Interior Minister Wais Barmak said the casualty toll had risen to at least 103 dead and 235 wounded. He said at least two vehicles painted as ambulances were involved in the attack, one of which blew up at when it was stopped at a police checkpoint.
Security officials have warned of possible further attacks.
The Taliban said their attack was intended as a message to U.S. President Donald Trump who last year sent more American troops to Afghanistan and ordered an increase in air strikes and other assistance to Afghan forces.
"The Islamic Emirate has a clear message for Trump and his hand kissers that if you go ahead with a policy of aggression and speak from the barrel of a gun, don't expect Afghans to grow flowers in response," Taliban spokesman Zabihullah Mujahid said in a statement, using the term the use to describe themselves.
The attack in one of the most heavily protected parts of the city, close to foreign embassies and government buildings, was the worst seen in the Afghan capital since a truck bomb near the German embassy killed 150 people in May.
"People were running everywhere to escape, there were wounded people lying on the ground, people with wounds to their arms, legs, heads," Hanif said.
Despite a major tightening in checks following the May 31 attack, the ambulance was able to get through the checkpoints, apparently without difficulty.
"People don't have work. There's no life for people in Afghanistan. People have to look for a life somewhere else, there's nowhere," said shopkeeper Sameem.

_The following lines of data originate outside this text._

(* Let $(Z,\mathbb{Z}^k,S)$ be an aperiodic zero-dimensional system. For every $R>0$ there is $L_0>0$ such that for every positive integer $L\ge L_0$ and every clopen $U\subset Z$ with $Z=\bigcup_{|n|<L}S^nU$ and $U\cap S^nU=\emptyset$ for $0<|n|<L$, the following holds: for every $x\in Z$ and every $n\in C(x)$, \[\frac{|\partial^{\mathbb{Z}}_RV^{\mathbb{Z}}(x,n)|}{|V^{\mathbb{Z}}(x,n)|}<\frac1R.\]
   Context: Given such $L$ and $U$: $C(x)=\{n\in\mathbb{Z}^k: S^nx\in U\}$; for $n\in C(x)$, $V(x,n)=\{u\in\mathbb{R}^k:|u-n|\le|u-m|\ \forall m\in C(x)\}$ (Euclidean norm) and $V^{\mathbb{Z}}(x,n)=V(x,n)\cap\mathbb{Z}^k$. For $\Omega\subset\mathbb{Z}^k$ and $R>0$, $\partial^{\mathbb{Z}}_R\Omega$ is the set of $n\in\mathbb{Z}^k$ for which there exist $m\in\Omega$ and $m'\in\mathbb{Z}^k\setminus\Omega$ with $|n-m|\le R$ and $|n-m'|\le R$. Aperiodic: the action is free; zero-dimensional: clopen sets form a basis. *)

From HB Require Import structures.
From mathcomp Require Import all_boot all_order all_algebra.
From mathcomp Require Import all_classical all_reals.
From mathcomp Require Import finmap topology.
Set Implicit Arguments. Unset Strict Implicit. Unset Printing Implicit Defensive.
Import Order.TTheory GRing.Theory Num.Theory.
Local Open Scope classical_set_scope.
Local Open Scope ring_scope.

Notation Zk k := 'rV[int]_k.

Definition toR {R : realType} {k : nat} (n : Zk k) : 'rV[R]_k := map_mx intr n.

Definition enorm {R : realType} {k : nat} (u : 'rV[R]_k) : R :=
  Num.sqrt (\sum_(i < k) u 0 i ^+ 2).

Definition znorm {R : realType} {k : nat} (n : Zk k) : R := enorm (toR n).

Definition is_action {k : nat} {Z : topologicalType} (S : Zk k -> Z -> Z) :=
  (forall x, S 0 x = x) /\ (forall m n x, S (m + n) x = S m (S n x)) /\
  (forall n, continuous (S n)).

(* aperiodic: the action is free *)
Definition free_action {k : nat} {Z : Type} (S : Zk k -> Z -> Z) :=
  forall n x, S n x = x -> n = 0.

Definition zero_dim (Z : topologicalType) :=
  forall (x : Z) (A : set Z), open A -> A x ->
    exists B : set Z, clopen B /\ B x /\ B `<=` A.

Definition Cset {k : nat} {Z : Type} (S : Zk k -> Z -> Z) (U : set Z) (x : Z)
  : set (Zk k) := [set n | U (S n x)].

Definition Vcell {R : realType} {k : nat} {Z : Type} (S : Zk k -> Z -> Z)
  (U : set Z) (x : Z) (n : Zk k) : set 'rV[R]_k :=
  [set u | forall m, Cset S U x m -> enorm (u - toR n) <= enorm (u - toR m)].

Definition VcellZ (R : realType) {k : nat} {Z : Type} (S : Zk k -> Z -> Z)
  (U : set Z) (x : Z) (n : Zk k) : set (Zk k) :=
  [set m | Vcell (R:=R) S U x n (toR m)].

Definition bdryZ {R : realType} {k : nat} (r : R) (Om : set (Zk k)) : set (Zk k) :=
  [set n | (exists m, Om m /\ znorm (n - m) <= r) /\
           (exists m', ~ Om m' /\ znorm (n - m') <= r)].

From HB Require Import structures.
From mathcomp Require Import all_boot all_order all_algebra.
From mathcomp Require Import all_classical all_reals.
From mathcomp Require Import finmap topology.
From mathcomp Require Import ring lra zify.

Set Implicit Arguments.
Unset Strict Implicit.
Unset Printing Implicit Defensive.

Import Order.TTheory GRing.Theory Num.Theory.
Local Open Scope classical_set_scope.
Local Open Scope ring_scope.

With Ghani embroiled in confrontation with provincial powerbrokers defying central rule, pressure is mounting on the government to set aside political divisions and focus on security.
"The situation is absolutely unacceptable to the people," said a former government minister, Abdul Hadi Arghandiwal.
"The government spends a lot of time and energy in political rivalry and infighting at a time when it has to pay more attention to security."
Former U.S. ambassador to Afghanistan Zalmay Khalilzad called for Ghani's government and its main political rival, powerful northern leader Atta Mohammad Noor, to "come together and resolve their differences".
"Fighting terrorism and protecting the people is job one. I hope they rise to the occasion," Khalilzad said on Twitter.
Saturday's attack, described as "an atrocity" by the head of the U.N. mission in Afghanistan, drew universal condemnation from neighbouring countries and allies who had expressed confidence that the new U.S. strategy was producing results.
Following a recent visit to Kabul, the U.S. ambassador to the United Nations, Nikki Haley, said the strategy was working and pushing the insurgents closer to peace talks.
However, the Taliban have dismissed any suggestion that they have been weakened by the U.S. approach and say they will only agree to talks when international forces leave Afghanistan.
The United States, which has accused Pakistan of helping the Taliban and has cut off some aid, urged all countries to take "decisive action" to stop the violence.
Afghan officials also say the insurgency is being directed from outside their country.
"This is not a civil war, this is a terrorist war imposed on the Afghan people," said Masoom Stanekzai, head of Afghanistan's main intelligence agency.
"This is a war in which the Afghan people are being used as tools and burned like firewood every day."
Pakistan, which denies accusations it fosters the Afghan war to undermine old rival India's growing influence there, condemned the attack and called for "concerted efforts and effective cooperation ... to eradicate the scourge of terrorism".
Afghanistan declared Sunday a day of mourning and said Monday would be a day off to allow care of the victims' families. Joko Widodo, president of Indonesia, which has the world's biggest Muslim population, was due to visit Kabul on Monday, Ghani's office said.
Widodo has proposed that Indonesian Islamic scholars could help promote Afghan peace, media reported recently.